(Stored data entries)
##########
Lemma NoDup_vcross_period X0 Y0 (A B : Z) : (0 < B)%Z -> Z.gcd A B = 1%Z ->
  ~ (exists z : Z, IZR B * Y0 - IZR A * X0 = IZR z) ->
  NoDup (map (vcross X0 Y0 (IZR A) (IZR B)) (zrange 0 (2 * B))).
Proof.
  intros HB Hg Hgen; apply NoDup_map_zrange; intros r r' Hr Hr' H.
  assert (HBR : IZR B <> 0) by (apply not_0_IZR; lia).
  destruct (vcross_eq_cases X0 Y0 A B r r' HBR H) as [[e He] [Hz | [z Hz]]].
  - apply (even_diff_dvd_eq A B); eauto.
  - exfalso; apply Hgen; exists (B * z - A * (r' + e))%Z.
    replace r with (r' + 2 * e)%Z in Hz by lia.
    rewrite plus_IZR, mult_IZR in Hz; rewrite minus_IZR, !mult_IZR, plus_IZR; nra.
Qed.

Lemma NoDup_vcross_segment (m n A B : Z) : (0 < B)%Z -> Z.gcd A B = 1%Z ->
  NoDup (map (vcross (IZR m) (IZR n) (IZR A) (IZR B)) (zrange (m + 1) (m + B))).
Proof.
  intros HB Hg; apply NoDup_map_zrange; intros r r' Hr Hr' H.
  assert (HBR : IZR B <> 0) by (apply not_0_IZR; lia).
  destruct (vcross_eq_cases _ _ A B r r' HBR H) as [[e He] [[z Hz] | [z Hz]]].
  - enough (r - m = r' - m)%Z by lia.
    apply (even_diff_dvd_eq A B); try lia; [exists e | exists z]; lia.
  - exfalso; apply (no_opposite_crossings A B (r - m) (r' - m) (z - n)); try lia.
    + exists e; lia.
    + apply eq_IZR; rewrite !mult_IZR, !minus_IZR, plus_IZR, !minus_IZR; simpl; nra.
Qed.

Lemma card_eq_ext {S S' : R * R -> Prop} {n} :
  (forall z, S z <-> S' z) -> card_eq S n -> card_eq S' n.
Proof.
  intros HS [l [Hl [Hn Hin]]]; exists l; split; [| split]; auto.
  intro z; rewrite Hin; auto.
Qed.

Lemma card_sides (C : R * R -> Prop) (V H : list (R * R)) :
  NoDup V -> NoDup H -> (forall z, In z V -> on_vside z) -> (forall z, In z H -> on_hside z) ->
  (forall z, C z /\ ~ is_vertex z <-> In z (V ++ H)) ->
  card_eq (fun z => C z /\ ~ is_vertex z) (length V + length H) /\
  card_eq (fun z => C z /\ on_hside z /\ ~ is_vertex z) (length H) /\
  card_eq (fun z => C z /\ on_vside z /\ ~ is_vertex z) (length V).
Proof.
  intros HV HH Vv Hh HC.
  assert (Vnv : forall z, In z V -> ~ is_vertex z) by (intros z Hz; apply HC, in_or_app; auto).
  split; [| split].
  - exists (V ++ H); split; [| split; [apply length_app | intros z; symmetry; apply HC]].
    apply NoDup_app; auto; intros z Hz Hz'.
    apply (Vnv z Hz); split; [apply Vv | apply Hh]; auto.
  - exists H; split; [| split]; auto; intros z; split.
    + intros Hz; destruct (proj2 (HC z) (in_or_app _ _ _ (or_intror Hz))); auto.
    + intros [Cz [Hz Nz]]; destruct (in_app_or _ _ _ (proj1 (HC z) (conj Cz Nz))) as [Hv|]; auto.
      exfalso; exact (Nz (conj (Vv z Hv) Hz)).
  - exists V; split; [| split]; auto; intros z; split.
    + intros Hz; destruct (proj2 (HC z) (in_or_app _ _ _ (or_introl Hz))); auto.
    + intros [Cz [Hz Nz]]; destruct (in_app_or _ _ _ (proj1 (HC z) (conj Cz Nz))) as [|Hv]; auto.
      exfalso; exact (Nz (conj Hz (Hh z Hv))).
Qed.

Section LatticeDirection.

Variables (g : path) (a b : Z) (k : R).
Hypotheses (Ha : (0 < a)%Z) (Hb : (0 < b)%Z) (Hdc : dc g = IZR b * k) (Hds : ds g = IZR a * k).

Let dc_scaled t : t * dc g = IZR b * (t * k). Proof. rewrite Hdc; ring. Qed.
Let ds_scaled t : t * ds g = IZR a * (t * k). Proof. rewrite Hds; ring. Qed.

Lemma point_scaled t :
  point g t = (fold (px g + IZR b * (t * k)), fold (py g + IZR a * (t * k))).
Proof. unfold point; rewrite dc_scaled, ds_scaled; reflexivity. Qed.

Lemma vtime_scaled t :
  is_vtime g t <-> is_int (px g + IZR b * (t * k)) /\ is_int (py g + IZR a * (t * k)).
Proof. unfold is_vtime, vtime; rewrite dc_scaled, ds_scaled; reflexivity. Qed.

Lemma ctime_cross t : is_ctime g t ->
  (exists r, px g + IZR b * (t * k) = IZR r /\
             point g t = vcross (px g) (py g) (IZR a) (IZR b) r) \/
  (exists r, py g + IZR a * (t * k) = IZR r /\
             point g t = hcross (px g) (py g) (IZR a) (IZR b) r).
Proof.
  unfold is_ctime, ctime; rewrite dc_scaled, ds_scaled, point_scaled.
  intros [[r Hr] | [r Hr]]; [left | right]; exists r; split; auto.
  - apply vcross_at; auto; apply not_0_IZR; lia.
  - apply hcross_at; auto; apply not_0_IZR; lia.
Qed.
##########
(Task description)
Give the number of lines in the entries above that include the word "split", and nothing more.

(Response box)
7